Locate the line that contains "by rewrite bigcup_setU1;" in the entries below, then repeat it and every following line through the line that contains "Section Chains.", exactly, and no others.

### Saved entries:
___
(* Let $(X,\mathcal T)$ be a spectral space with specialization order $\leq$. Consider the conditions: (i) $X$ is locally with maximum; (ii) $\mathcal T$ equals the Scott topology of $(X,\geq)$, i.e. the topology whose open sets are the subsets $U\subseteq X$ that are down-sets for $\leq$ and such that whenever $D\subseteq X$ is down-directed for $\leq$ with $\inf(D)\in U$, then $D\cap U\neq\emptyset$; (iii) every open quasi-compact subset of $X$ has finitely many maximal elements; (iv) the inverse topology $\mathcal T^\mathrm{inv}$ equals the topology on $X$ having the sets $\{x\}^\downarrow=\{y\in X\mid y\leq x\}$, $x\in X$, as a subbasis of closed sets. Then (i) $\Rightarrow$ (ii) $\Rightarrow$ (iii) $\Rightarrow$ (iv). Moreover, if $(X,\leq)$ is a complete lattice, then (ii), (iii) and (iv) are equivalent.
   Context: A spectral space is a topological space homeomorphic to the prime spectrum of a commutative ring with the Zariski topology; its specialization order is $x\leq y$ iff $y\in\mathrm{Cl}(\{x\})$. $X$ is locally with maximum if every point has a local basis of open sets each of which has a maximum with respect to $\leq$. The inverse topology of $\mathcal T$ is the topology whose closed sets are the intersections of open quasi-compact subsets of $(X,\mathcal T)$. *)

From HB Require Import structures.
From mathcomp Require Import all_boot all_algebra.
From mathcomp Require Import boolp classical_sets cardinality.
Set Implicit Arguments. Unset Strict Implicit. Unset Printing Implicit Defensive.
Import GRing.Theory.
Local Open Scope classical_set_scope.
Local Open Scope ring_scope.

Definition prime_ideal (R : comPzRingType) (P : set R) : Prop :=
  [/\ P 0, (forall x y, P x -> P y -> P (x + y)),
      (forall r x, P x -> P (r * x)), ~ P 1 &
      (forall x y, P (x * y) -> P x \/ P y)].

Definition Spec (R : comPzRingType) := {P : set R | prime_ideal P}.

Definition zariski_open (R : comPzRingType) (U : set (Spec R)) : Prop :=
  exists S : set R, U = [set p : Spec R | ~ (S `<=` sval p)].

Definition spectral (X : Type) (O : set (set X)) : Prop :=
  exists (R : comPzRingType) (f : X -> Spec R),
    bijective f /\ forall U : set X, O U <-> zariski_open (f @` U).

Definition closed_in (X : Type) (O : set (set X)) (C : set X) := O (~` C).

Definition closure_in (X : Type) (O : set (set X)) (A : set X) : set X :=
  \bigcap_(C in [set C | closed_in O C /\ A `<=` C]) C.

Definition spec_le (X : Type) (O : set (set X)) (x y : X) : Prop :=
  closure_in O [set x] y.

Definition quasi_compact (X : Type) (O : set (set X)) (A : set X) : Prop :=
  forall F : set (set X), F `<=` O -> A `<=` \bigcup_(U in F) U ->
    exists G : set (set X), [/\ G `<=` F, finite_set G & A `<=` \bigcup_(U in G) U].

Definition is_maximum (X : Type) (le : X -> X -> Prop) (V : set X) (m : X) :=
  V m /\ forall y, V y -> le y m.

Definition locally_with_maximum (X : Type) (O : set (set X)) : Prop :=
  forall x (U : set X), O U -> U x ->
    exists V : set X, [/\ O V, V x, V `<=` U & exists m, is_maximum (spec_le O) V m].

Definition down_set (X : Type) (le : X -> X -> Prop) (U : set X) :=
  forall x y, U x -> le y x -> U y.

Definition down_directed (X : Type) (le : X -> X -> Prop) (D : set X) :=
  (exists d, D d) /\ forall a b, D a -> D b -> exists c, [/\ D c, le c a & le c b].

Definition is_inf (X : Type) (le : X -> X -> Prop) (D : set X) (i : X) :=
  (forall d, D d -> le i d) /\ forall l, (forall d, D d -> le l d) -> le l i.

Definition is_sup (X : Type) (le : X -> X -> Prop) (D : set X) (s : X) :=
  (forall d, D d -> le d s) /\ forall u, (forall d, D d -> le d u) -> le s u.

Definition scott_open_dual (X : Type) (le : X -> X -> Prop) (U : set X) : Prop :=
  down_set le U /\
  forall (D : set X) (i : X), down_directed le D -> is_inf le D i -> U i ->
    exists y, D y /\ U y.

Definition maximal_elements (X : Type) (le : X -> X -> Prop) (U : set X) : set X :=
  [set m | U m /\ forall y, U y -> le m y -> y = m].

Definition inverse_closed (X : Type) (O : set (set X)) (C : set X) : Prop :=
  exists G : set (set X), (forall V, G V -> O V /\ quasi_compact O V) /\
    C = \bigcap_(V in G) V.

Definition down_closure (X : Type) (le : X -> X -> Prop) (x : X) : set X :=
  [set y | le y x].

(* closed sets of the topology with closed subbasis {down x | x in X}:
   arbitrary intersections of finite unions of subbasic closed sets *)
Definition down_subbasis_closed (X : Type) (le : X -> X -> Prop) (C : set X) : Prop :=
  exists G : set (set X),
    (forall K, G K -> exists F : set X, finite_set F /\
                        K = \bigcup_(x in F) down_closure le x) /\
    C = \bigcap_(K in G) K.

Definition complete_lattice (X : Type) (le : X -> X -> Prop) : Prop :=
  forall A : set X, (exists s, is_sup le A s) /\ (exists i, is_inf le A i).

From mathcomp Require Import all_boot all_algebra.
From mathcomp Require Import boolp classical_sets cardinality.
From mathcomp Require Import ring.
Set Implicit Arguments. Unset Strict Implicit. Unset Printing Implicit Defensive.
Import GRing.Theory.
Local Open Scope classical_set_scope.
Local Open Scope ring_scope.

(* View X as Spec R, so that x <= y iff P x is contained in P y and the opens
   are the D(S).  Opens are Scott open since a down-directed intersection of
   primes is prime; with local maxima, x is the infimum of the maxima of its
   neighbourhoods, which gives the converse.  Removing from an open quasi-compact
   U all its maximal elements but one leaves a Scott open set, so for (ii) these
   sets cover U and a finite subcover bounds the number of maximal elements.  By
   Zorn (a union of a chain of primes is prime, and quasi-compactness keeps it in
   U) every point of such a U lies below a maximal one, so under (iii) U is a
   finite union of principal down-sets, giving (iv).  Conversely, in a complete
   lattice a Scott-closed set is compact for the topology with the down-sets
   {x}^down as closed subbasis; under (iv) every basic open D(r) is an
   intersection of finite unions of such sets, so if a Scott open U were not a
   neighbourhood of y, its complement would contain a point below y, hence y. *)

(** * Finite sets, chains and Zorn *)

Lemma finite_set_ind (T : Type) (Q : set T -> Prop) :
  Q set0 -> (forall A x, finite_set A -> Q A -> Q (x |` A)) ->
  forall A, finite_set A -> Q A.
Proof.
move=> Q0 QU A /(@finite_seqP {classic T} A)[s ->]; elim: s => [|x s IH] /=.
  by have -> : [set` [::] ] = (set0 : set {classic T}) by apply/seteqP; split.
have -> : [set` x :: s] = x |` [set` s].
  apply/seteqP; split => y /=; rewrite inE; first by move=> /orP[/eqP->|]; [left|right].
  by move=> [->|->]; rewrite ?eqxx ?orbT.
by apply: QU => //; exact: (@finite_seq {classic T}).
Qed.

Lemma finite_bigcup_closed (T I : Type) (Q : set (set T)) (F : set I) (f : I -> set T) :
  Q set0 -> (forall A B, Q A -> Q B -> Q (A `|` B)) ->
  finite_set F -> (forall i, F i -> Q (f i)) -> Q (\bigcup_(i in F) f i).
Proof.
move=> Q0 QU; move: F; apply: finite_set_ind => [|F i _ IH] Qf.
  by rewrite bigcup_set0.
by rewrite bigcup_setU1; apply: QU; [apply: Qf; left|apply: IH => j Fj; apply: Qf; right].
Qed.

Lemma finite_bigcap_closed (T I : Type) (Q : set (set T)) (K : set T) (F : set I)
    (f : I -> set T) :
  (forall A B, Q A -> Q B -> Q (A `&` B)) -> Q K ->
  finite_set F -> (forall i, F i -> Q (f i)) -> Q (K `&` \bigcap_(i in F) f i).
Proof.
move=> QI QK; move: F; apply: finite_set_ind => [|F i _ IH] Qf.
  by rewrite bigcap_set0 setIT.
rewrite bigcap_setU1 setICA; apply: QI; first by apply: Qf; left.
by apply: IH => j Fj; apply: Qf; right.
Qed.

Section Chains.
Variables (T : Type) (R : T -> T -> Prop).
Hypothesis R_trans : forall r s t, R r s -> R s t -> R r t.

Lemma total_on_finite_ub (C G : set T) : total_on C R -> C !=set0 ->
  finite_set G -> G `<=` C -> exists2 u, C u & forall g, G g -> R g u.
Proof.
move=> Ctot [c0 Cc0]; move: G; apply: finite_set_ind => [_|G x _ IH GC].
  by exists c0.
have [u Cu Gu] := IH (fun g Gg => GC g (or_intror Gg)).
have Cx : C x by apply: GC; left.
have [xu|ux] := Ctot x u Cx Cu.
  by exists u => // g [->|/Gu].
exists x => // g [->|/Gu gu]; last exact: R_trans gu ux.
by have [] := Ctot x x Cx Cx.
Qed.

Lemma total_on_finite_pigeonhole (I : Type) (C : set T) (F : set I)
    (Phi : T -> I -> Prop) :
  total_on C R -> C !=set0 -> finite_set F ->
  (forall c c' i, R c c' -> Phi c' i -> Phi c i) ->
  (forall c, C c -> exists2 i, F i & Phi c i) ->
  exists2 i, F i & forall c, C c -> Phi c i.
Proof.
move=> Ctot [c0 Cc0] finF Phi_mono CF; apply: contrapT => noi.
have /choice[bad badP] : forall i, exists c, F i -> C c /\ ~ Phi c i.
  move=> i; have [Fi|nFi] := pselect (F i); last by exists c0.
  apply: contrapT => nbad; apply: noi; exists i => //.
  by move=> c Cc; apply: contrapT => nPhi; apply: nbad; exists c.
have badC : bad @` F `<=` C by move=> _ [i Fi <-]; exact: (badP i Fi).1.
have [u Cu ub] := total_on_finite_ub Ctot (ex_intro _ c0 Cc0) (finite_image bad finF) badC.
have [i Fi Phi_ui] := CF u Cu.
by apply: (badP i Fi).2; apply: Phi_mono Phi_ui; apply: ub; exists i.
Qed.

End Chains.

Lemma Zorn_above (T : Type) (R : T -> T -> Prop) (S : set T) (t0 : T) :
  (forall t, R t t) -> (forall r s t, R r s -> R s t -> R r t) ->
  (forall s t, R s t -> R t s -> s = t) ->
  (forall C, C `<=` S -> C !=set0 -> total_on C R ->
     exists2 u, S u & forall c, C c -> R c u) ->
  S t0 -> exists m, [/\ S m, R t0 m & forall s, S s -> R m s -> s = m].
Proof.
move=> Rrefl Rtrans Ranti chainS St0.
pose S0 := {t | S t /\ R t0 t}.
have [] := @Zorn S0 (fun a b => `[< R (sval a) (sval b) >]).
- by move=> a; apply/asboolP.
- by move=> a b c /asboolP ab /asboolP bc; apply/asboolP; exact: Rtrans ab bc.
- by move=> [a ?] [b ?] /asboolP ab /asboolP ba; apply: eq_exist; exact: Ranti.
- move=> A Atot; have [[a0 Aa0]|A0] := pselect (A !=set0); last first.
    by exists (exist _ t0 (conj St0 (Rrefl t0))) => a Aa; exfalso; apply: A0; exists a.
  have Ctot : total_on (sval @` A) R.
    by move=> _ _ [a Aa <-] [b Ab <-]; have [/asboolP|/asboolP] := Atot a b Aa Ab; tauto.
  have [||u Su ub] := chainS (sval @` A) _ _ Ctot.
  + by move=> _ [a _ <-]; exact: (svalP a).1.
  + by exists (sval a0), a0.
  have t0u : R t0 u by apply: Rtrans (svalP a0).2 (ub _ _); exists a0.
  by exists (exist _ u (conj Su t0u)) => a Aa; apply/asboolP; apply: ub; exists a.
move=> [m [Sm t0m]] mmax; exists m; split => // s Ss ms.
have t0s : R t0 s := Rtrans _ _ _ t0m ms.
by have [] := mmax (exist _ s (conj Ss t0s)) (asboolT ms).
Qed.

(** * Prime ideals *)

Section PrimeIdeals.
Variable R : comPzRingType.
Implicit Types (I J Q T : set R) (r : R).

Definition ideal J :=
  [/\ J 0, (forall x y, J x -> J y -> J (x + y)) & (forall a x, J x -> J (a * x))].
___
### Output of the task:
by rewrite bigcup_setU1; apply: QU; [apply: Qf; left|apply: IH => j Fj; apply: Qf; right].
Qed.

Lemma finite_bigcap_closed (T I : Type) (Q : set (set T)) (K : set T) (F : set I)
    (f : I -> set T) :
  (forall A B, Q A -> Q B -> Q (A `&` B)) -> Q K ->
  finite_set F -> (forall i, F i -> Q (f i)) -> Q (K `&` \bigcap_(i in F) f i).
Proof.
move=> QI QK; move: F; apply: finite_set_ind => [|F i _ IH] Qf.
  by rewrite bigcap_set0 setIT.
rewrite bigcap_setU1 setICA; apply: QI; first by apply: Qf; left.
by apply: IH => j Fj; apply: Qf; right.
Qed.

Section Chains.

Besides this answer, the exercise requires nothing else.